I occasionally used to do the standing version as a warm up and am now practicing this daily in place of my Surys. I tend to practice Simon's spinal movements, his sun salutation alternative ( the third one on the video below 2:44) followed by Simon's short on one leg sequence. I'll then practice a few standing postures before moving on to a short Vinyasa krama Seated and Asymmetric sequence (along the lines of the first half of Ashtanga primary but without transitions) and finish with head and shoulder-stands and finally Simon's Pranayama and a Sit.

Link to Simon and Bianca's Yoga Synergy website here.


As for the ganglion Cyst, it should go away on it's own.
*banging with a book, supposedly not recommended.





Third Sun salutation Alternative method.

"
METHOD 3:
Standing 'Salute to the Sun' (Supta Surya Namaskar):

This is potentially the simplest version of the 'salute to the sun' but it may be the best for most people to practice as it is the safest and least stressful, yet it safely moves the spine through its full range of flexion and extension movement and thus nourishes the spine, trunk and internal organs".

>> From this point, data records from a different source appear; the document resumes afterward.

(* Let $\kappa$ be an uncountable cardinal with $\kappa=\kappa^{<\kappa}$. Then there is a sequence $\langle A_\gamma\subseteq{}^\kappa\kappa : \gamma<2^\kappa\rangle$ of pairwise disjoint sets, each of which is the image of ${}^\kappa\kappa$ under a continuous injective function ${}^\kappa\kappa\to{}^\kappa\kappa$, such that for all $\gamma<\delta<2^\kappa$ the sets $A_\gamma$ and $A_\delta$ cannot be separated by a set with the $\kappa$-Baire property, i.e. there is no $X\subseteq{}^\kappa\kappa$ with the $\kappa$-Baire property such that $A_\gamma\subseteq X\subseteq{}^\kappa\kappa\setminus A_\delta$.
   Context: ${}^\kappa\kappa$ is the set of functions $\kappa\to\kappa$, with the topology whose basic open sets are $N_s=\{x\in{}^\kappa\kappa : s\subseteq x\}$ for $s$ a function from some ordinal $\alpha<\kappa$ to $\kappa$. A subset $A$ of ${}^\kappa\kappa$ has the $\kappa$-Baire property if there is an open set $U\subseteq{}^\kappa\kappa$ and a sequence $\langle N_\alpha:\alpha<\kappa\rangle$ of nowhere dense subsets of ${}^\kappa\kappa$ such that the symmetric difference of $A$ and $U$ is contained in $\bigcup_{\alpha<\kappa}N_\alpha$. *)

(* The cardinal kappa is modelled as a type K carrying a strict
   well-order [lt] of order type kappa (elements of K = ordinals < kappa). *)
From Stdlib Require Import Relations Wellfounded.

Definition set (T : Type) := T -> Prop.

Definition strict_well_order {K : Type} (lt : K -> K -> Prop) : Prop :=
  (forall x, ~ lt x x) /\
  (forall x y z, lt x y -> lt y z -> lt x z) /\
  (forall x y, lt x y \/ x = y \/ lt y x) /\
  well_founded lt.

(* the order type is a cardinal: no proper initial segment {y | y < a}
   has the same size as K (equivalently, K does not inject into it) *)
Definition is_cardinal_order {K : Type} (lt : K -> K -> Prop) : Prop :=
  forall a : K, ~ exists f : K -> K,
      (forall x y, f x = f y -> x = y) /\ (forall x, lt (f x) a).

Definition uncountable (K : Type) : Prop :=
  ~ exists f : K -> nat, forall x y, f x = f y -> x = y.

(* kappa^{<kappa} <= kappa (hence = kappa): the set of all functions
   s : alpha -> kappa with alpha < kappa injects into kappa.  Such an s is
   represented by a pair (a, t) with t : K -> K, two pairs representing the
   same s iff a = a' and t, t' agree below a. *)
Definition kappa_lt_kappa_le_kappa {K : Type} (lt : K -> K -> Prop) : Prop :=
  exists phi : K -> (K -> K) -> K,
    forall a t a' t', phi a t = phi a' t' ->
      a = a' /\ (forall y, lt y a -> t y = t' y).

(* basic open set N_s for s = t restricted to {y | y < a} *)
Definition basic_open {K : Type} (lt : K -> K -> Prop) (a : K) (t : K -> K)
  : set (K -> K) :=
  fun x => forall y, lt y a -> x y = t y.

Definition is_open {K : Type} (lt : K -> K -> Prop) (U : set (K -> K)) : Prop :=
  forall x, U x -> exists a t, basic_open lt a t x /\
      (forall z, basic_open lt a t z -> U z).

Definition closure {K : Type} (lt : K -> K -> Prop) (N : set (K -> K))
  : set (K -> K) :=
  fun x => forall U, is_open lt U -> U x -> exists z, U z /\ N z.

Definition nowhere_dense {K : Type} (lt : K -> K -> Prop) (N : set (K -> K))
  : Prop :=
  forall U, is_open lt U -> (forall z, U z -> closure lt N z) ->
    forall z, ~ U z.

Definition kappa_Baire {K : Type} (lt : K -> K -> Prop) (A : set (K -> K))
  : Prop :=
  exists (U : set (K -> K)) (N : K -> set (K -> K)),
    is_open lt U /\ (forall a, nowhere_dense lt (N a)) /\
    (forall x, ((A x /\ ~ U x) \/ (U x /\ ~ A x)) -> exists a, N a x).

Definition continuous {K : Type} (lt : K -> K -> Prop)
  (f : (K -> K) -> (K -> K)) : Prop :=
  forall V, is_open lt V -> is_open lt (fun x => V (f x)).

From Stdlib Require Import Classical ClassicalEpsilon FunctionalExtensionality PropExtensionality Arith.

(* Each x : K -> K generates a club: starting from bottom, the second coordinate
   of x d proposes the next point after d.  At the club points d above bottom,
   embed g x records a code of the sequence of pairs (g b, x b), b < d; off the
   club it copies x.  Since kappa^{<kappa} = kappa makes kappa regular, and kappa
   is uncountable, two such clubs meet unboundedly, so embed g x determines g and x: the images A_g of the continuous
   injections embed g are pairwise disjoint.  Because x can steer its club so that
   embed g x copies x on long intervals, a construction of length kappa finds in
   every basic open set a point of A_g outside any kappa given nowhere dense sets.
   So if X differs from an open U by such sets, X meets A_g' when U is nonempty
   and misses a point of A_g when U is empty. *)

Local Notation dec := excluded_middle_informative.

Section GeneralizedBaireSpace.

Variables (K : Type) (lt : K -> K -> Prop).
Hypothesis lt_swo : strict_well_order lt.

Lemma lt_irrefl x : ~ lt x x.
Proof. apply lt_swo. Qed.

Lemma lt_trans x y z : lt x y -> lt y z -> lt x z.
Proof. apply lt_swo. Qed.

Lemma lt_trichotomy x y : lt x y \/ x = y \/ lt y x.
Proof. apply lt_swo. Qed.

Lemma lt_wf : well_founded lt.
Proof. apply lt_swo. Qed.

Definition le x y := lt x y \/ x = y.

Lemma le_lt_trans x y z : le x y -> lt y z -> lt x z.
Proof. intros [H| ->] Hyz; [exact (lt_trans _ _ _ H Hyz) | exact Hyz]. Qed.

Lemma lt_le_trans x y z : lt x y -> le y z -> lt x z.
Proof. intros Hxy [H| <-]; [exact (lt_trans _ _ _ Hxy H) | exact Hxy]. Qed.

Lemma le_trans x y z : le x y -> le y z -> le x z.
Proof. intros Hxy [H| <-]; [left; exact (le_lt_trans _ _ _ Hxy H) | exact Hxy]. Qed.

Lemma not_lt_le x y : ~ lt x y -> le y x.
Proof.
  intros H. destruct (lt_trichotomy x y) as [Hxy|[->|Hyx]];
    [contradiction | right; reflexivity | left; exact Hyx].
Qed.

Lemma le_not_lt x y : le x y -> ~ lt y x.
Proof. intros Hxy Hyx. exact (lt_irrefl _ (le_lt_trans _ _ _ Hxy Hyx)). Qed.

Lemma le_antisym x y : le x y -> le y x -> x = y.
Proof. intros [Hxy| ->] Hyx; [exact (False_ind _ (le_not_lt _ _ Hyx Hxy)) | reflexivity]. Qed.

Lemma exists_le_both x y : exists z, le x z /\ le y z.
Proof.
  destruct (lt_trichotomy x y) as [H|[<-|H]].
  - exists y. split; [left; exact H | right; reflexivity].
  - exists x. split; right; reflexivity.
  - exists x. split; [right; reflexivity | left; exact H].
Qed.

Tricky to get the snapshots just right but this should give the idea. Captions from Simon's YouTube notes - see my appendix 2 for the full notes.


samasthiti
(standing erect with neutral spine)


Ekam, 
inhale, urdhva hastasana ('arms above head' posture) (trunk and neck in extension)

Dve, 
exhale, uttanasana ('hands to the floor, head to knee' posture) (trunk and neck in flexion)

 Trini, 
inhale, lolasana (raise the head and perhaps lift the feet off the floor to handstand) (trunk in flexion, neck in extension)

Chatvari, 
exhale, chataranga dandasana ('push-up' position) (straight trunk)
 

 Pancha, 
inhale, urdhva mukha svanasana ('upward-facing dog' posture) (trunk and neck in extension)

Shat, 
exhale, adho mukha svanasana ('downward-facing dog' posture)

Sapta, 
inhale, lolasana ('jump' or 'balance on arms') (trunk in flexion, neck in extension)

Astau,
exhale, uttanasana ('hands to the floor, head to knee'' posture) (trunk and neck in flexion)

Nava, 
inhale, urdhva hastasana ('arms above head' posture) (trunk and neck in extension)

Dasa, 
exhale, samasthiti (standing erect with neutral spine)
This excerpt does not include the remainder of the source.